The Upside: When Senior Debt Behaves as Mezzanine Debt
Posted on: February 20th, 2018
In the world of middle market corporate finance, a lot of focus is placed on transaction layers such as senior debt, mezzanine and equity. Market watchers track the movement of leverage multiples for each of these layers carefully, creating a statistical mindset of what is and isn’t market.
These leverage multiples are usually highly aggregated data points from a large swath of middle market deal sizes across a wide swath of industries.
The truth is that they probably have little relevance to your deal. Often, they create a perception of a sacred level that can’t be passed, lest the deal gods frown upon you.
Given the inherent subjectivity of risk assessment, it’s rare that two lenders will come out at the exact same leverage multiple when proposing on a deal. Some lenders like an industry, while others are repelled.
Some lenders place more value on cash flow growth, while others on assets. The line between debt and equity is blurred one, as one man’s debt multiple is another man’s equity multiple.
Cash flow mezzanine lenders in particular are more apt to call their loans super equity as opposed to sub debt, as the line of demarcation between debt and equity is expedient at best and artificial at worst.
Using them as rigid guidelines to create a layered structure because they are “market” is misguided and may likely cause mis-structuring of your deal.
The key in structuring your deal is to get as much value out of each layer as possible. This is achieved through optimizing the quantum and flexibility of each layer.
There is huge value when you can arbitrage these layers and get a senior lender to stretch further into the capital stack. Here are the reasons why.
- Lower cost capital – Senior debt is lower cost than mezzanine debt and will result in lower debt service over the long term, improving your equity returns on the transaction. While principal repayments are required, they can provide long 7 & 10 year terms which make debt service more manageable.
- Coverage of funding gap – when senior lenders act like mezzanine lender, they provide that extra turn of funding gap, critical to rounding out the full sources of funds. Filling this hard to fill gap has outsized impact on the growth of the company, allowing it to scale rapidly.

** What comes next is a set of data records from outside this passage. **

(* Let $\mathbb{X}$ be a smooth reflexive real Banach space with the Kadets–Klee property and $\mathbb{Y}$ a smooth real Banach space. Let $T\in\mathbb{K}(\mathbb{X},\mathbb{Y})$ with $\|T\|=1$ be a smooth operator. Then $M_T=\{\pm x\}$ for some $x\in S_{\mathbb{X}}$. Moreover, let $H$ be the unique hyperspace of $\mathbb{X}$ such that $x\perp_B H$; if $(x,Tx)$ is a CPP with CPP constant $(r,\mu)$ and $0<\|T\|_H<\mu$, then $T$ is not an extreme contraction.
   Context: All Banach spaces are real and of dimension greater than $1$. $\mathbb{K}(\mathbb{X},\mathbb{Y})$ is the space of compact linear operators with operator norm. $T$ is a smooth operator if it is a smooth point of the unit sphere of $\mathbb{K}(\mathbb{X},\mathbb{Y})$, i.e., there is a unique norm one functional $f$ on $\mathbb{K}(\mathbb{X},\mathbb{Y})$ with $f(T)=\|T\|$. $\mathbb{X}$ has the Kadets–Klee property if $x_n\rightharpoonup x$ weakly and $\|x_n\|\to\|x\|$ imply $x_n\to x$ in norm. $M_T=\{x\in S_{\mathbb{X}}:\|Tx\|=\|T\|\}$. $x\perp_B y$ means $\|x+\lambda y\|\ge\|x\|$ for all real $\lambda$; $x\perp_B H$ means $x\perp_B h$ for all $h\in H$; $x^\perp=\{y:x\perp_By\}$. A hyperspace is a closed subspace of codimension one. $\|T\|_H=\sup\{\|Th\|:h\in H,\|h\|=1\}$. An extreme contraction is a norm one operator that is an extreme point of the closed unit ball of $\mathbb{L}(\mathbb{X},\mathbb{Y})$. $B(x,r)=\{u:\|u-x\|<r\}$. For $x\in S_{\mathbb{X}}$, $v\in S_{\mathbb{Y}}$, $(x,v)$ is a CPP with CPP constant $(r,\mu)$ ($r,\mu>0$) if for all $z\in x^\perp\cap S_{\mathbb{X}}$, all $w\in v^\perp\cap S_{\mathbb{Y}}$ and all $a,b\in\mathbb{R}$, $ax+bz\in B(x,r)\cap S_{\mathbb{X}}$ implies $\|av+b\mu w\|\le1$. *)

From HB Require Import structures.
From mathcomp Require Import all_boot all_order all_algebra.
From mathcomp Require Import all_classical all_reals all_analysis.
Set Implicit Arguments. Unset Strict Implicit. Unset Printing Implicit Defensive.
Import Order.TTheory GRing.Theory Num.Theory.
Import numFieldNormedType.Exports.
Local Open Scope classical_set_scope.
Local Open Scope ring_scope.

- Reporting requirements – Banks can be more relaxed than mezzanine lenders, and dig less into granular business issues. They tend to confine their view to financials, which means less time educating them on operations and business strategy.
- Flexibility with Distributions – Senior lenders look to keep good assets on the books, and allow owner’s flexibility in distributions, once the loan has been reduced to a lower level.
- Low Cost Resource Base – Companies always have a need for funding, regardless of where they are in their lifecycle. Having a strategic relationship with a purveyor of low cost capital is a valuable resource for all phases of business growth.